Сиппи глухо застонал.

— Знаешь ли ты, Берти, что значит чувствовать своё ничтожество?

— Конечно! Иногда это чувство возникает у меня, когда я беседую с Дживзом. Но сегодня он зашёл слишком далеко. Представляешь, у него хватило наглости раскритиковать вазу…

— Она намного выше меня.

— Да ну? Высокая девица?

— Духовно. Она небесное создание. А я кто? Жалкий, земляной червь.

— Ты в этом уверен?

— Да. Разве ты забыл, что год назад мне дали тридцать дней тюрьмы вместо штрафа за то, что я украл полицейский шлем?

— В то время ты был под мухой.

— Вот именно. Какое право имеет пьяница и закоренелый преступник мечтать о богине?

Я смотрел на бедолагу, и сердце моё обливалось кровью.

— Послушай, старина, а ты не преувеличиваешь? — спросил я. — Все, кто получает достойное воспитание, веселятся от души в ночь после регаты, и лучшие из нас имели неприятности с законом.

Он покачал головой.

— Не утешай меня, Берти. Это очень благородно с твоей стороны, но слова ничего не изменят. Нет, я могу лишь поклоняться ей издали. Когда я вижу её, мной овладевает странное оцепенение. Язык мой словно прилипает к гортани. Я так же не могу сделать ей предложение, как… Войдите! — крикнул он.

Только бедняга немного разговорился, как ему помешал стук в дверь. Вернее, не стук, а удар, причём весьма сильный. В комнату вошёл дородный, важного вида деятель с пронзительным взглядом, римским носом и высокими скулами. Властный тип, вот как я бы его назвал. Мне не понравился его воротничок, а Дживз наверняка неодобрительно отнёсся бы к его мешковатым штанам, но тем не менее вид у него был властный.

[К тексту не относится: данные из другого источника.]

Lemma stabilizer_transitive_on_panel c e0 d s : S_ s -> delta c e0 = s -> delta c d = s ->
  exists k, act k c = c /\ act k e0 = d.
Proof.
  intros Hs He0 Hd.
  destruct (apartment_through_adjacent W Ch delta HB Hsph c e0 s Hs He0) as [A0 [HA0 [A0c A0e]]].
  destruct (apartment_through_adjacent W Ch delta HB Hsph c d s Hs Hd) as [A1 [HA1 [A1c A1d]]].
  destruct (Hst A0 A1 c c HA0 HA1 A0c A1c) as [k [Mk Hk]]. exists k. split; auto.
  apply (apartment_rigid W Ch delta A1 c); auto.
  - apply Mk. eauto.
  - rewrite <- Hk at 1. rewrite act_isometry, He0. auto.
Qed.

(* The set of g moving c to an s-adjacent chamber is the double coset K g0 K of the
   stabiliser K of c, hence closed by compactness. *)
Lemma adjacent_movers_closed c s : S_ s -> tclosed G (fun g => delta c (act g c) = s).
Proof.
  intro Hs. destruct (wd3 W Ch delta HB c c s Hs) as [e0 [He0 _]].
  apply (adj_sym W Ch delta HB) in He0; auto.
  destruct (apartment_through_adjacent W Ch delta HB Hsph c e0 s Hs He0) as [A0 [HA0 [A0c A0e]]].
  destruct (Hst A0 A0 c e0 HA0 HA0 A0c A0e) as [g0 [_ Hg0]].
  set (K := fun g => act g c = c).
  apply (tclosed_ext G (fun y => exists k f, K k /\ K (ivg g0 * f) /\ y = k * f)).
  - intro g. split.
    + intros [k [f [Kk [Kf ->]]]]. unfold K in *. rewrite actM in Kf.
      apply (f_equal (act g0)) in Kf. rewrite actKV, Hg0 in Kf.
      rewrite actM, Kf, <- Kk at 1. rewrite act_isometry. auto.
    + intro Hg. destruct (stabilizer_transitive_on_panel c e0 (act g c) s Hs He0 Hg)
        as [k [Kk Hk]].
      exists k, (ivg k * g). split. auto. split.
      * unfold K. rewrite !actM, <- Hk, actVK, <- Hg0, actVK. auto.
      * rewrite (g_Kr HG). auto.
  - apply product_closed; auto. apply chamber_stabilizer_closed.
    apply (closed_transl G K). apply chamber_stabilizer_closed.
Qed.

(* Panels are finite: the stabiliser of c is open in the compact panel stabiliser. *)
Lemma panel_finite c s : S_ s -> finite_set (fun d => delta c d = s).
Proof.
  intro Hs.
  assert (U1 : ~ delta c (act (tone G) c) = s).
  { rewrite act1, (delta_self W Ch delta HB). intro H. apply (s_ne1 W s Hs). auto. }
  destruct (finite_translates G _ (fun g => ~ delta c (act g c) = s) Hcp
              (panel_stabilizer_closed s c Hs) (adjacent_movers_closed c s Hs) U1)
    as [lp [Hlp1 Hlp2]].
  exists (map (fun p => act p c) lp). intros d Hd.
  destruct (apartment_through_adjacent W Ch delta HB Hsph c d s Hs Hd) as [A1 [HA1 [A1c A1d]]].
  destruct (Hst A1 A1 c d HA1 HA1 A1c A1d) as [g [_ Hg]].
  assert (Sg : s_equiv W Ch delta s c (act g c)) by (rewrite Hg; right; auto).
  destruct (Hlp2 g Sg) as [p [Hp NX]]. apply in_map_iff. exists p. split; auto.
  assert (Q : s_equiv W Ch delta s c (act (ivg p * g) c)).
  { unfold s_equiv. rewrite <- (act_isometry p), actM, actKV.
    apply s_equiv_trans with c; auto. apply s_equiv_sym; auto. }
  destruct Q as [Q|Q]; [|contradiction].
  apply (wd1 W Ch delta HB) in Q. rewrite <- Hg, Q at 1. rewrite actM, actKV. auto.
Qed.

Lemma sphere_finite l : Forall S_ l -> forall c,
  finite_set (fun d => delta c d = word_prod (cmul W) e l).
Proof.
  induction l as [|s l IH]; intros F c.
  - exists [c]. intros d Hd. apply (wd1 W Ch delta HB) in Hd. subst. simpl; auto.
  - inversion F; subst.
    destruct (finite_bind (fun c' => delta c c' = s)
                (fun c' d => delta c' d = word_prod (cmul W) e l)
                (panel_finite c s H1) (fun c' _ => IH H2 c')) as [L HL].
    exists L. intros d Hd. apply HL.
    destruct (wd3 W Ch delta HB c d s H1) as [c' [H3 H4]]. exists c'. split.
    + apply (adj_sym W Ch delta HB); auto.
    + rewrite H4, Hd. simpl. rewrite (g_assoc HW), (s_ss W s H1), (g_1l HW). auto.
Qed.
End CompactAction.

Theorem mainTheorem7 (G : TopGroup) (W : CoxeterSystem) (Ch : Type)
  (delta : Ch -> Ch -> W) (act : G -> Ch -> Ch) :
  @is_building W Ch delta -> spherical W -> @thick W Ch delta ->
  compact G ->
  @type_preserving_action G W Ch delta act ->
  @continuous_action G W Ch delta act ->
  @strongly_transitive G W Ch delta act ->
  exists l : list Ch, forall c : Ch, In c l.
Proof.
  intros HB Hsph _ Hcp Hact Hcont Hst.
  pose proof HB as [[c0 _] _]. pose proof Hsph as [lw Hlw].
  assert (Hspheres : forall w, finite_set (fun d => delta c0 d = w)).
  { intro w. destruct (c_gen W w) as [l [F <-]].
    apply (sphere_finite G W Ch delta act); auto. }
  destruct (finite_bind (fun _ : W => True) (fun w d => delta c0 d = w))
    as [L HL]; auto.
  - exists lw. auto.
  - exists L. intro d. apply HL. exists (delta c0 d). auto.
Qed.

В нём чувствовалась непреодолимая сила, совсем как в полисмене-регулировщике.

— А, Сипперли! — сказал он.

Старина Сиппи разволновался, дальше некуда. Он вскочил с кресла и встал по стойке смирно, закатив глаза.

— Садитесь, Сипперли, — милостиво разрешил регулировщик. Я не произвёл на него ни малейшего впечатления. Бросив на меня пронзительный взгляд и пошевелив носом, он раз и навсегда позабыл о существовании Бертрама. — Я принес вам ещё одно — ха! — приношение на алтарь искусства. Прочтёте мою статью, как только освободитесь, мой мальчик.

— Да, сэр, — сказал Сиппи.

— Думаю, вы получите огромное удовольствие. Но я вот на что хотел обратить ваше внимание: мою новую статью следует поместить на более достойное место, чем предыдущую. Я, конечно, понимаю, что в еженедельнике это сделать нелегко, но мне совсем не нравится, когда мой труд печатают вместе с рекламой всяких там увеселительных заведений. — Он на мгновение умолк, и в его глазах появился угрожающий блеск. — Вы ведь учтёте моё пожелание, Сипперли?

— Да, сэр.

— Очень вам обязан, мой мальчик, — снисходительно произнёс регулировщик, благодушно улыбаясь.

— Очень вам обязан, мой мальчик, — снисходительно произнёс регулировщик, благодушно улыбаясь. — Вы должны простить меня за настойчивость. Я никогда в жизни не стану диктовать издателю, как надо — ха! — издавать, но… Это всё, Сипперли. До свидания. Я зайду узнать о вашем решении завтра в три часа пополудни.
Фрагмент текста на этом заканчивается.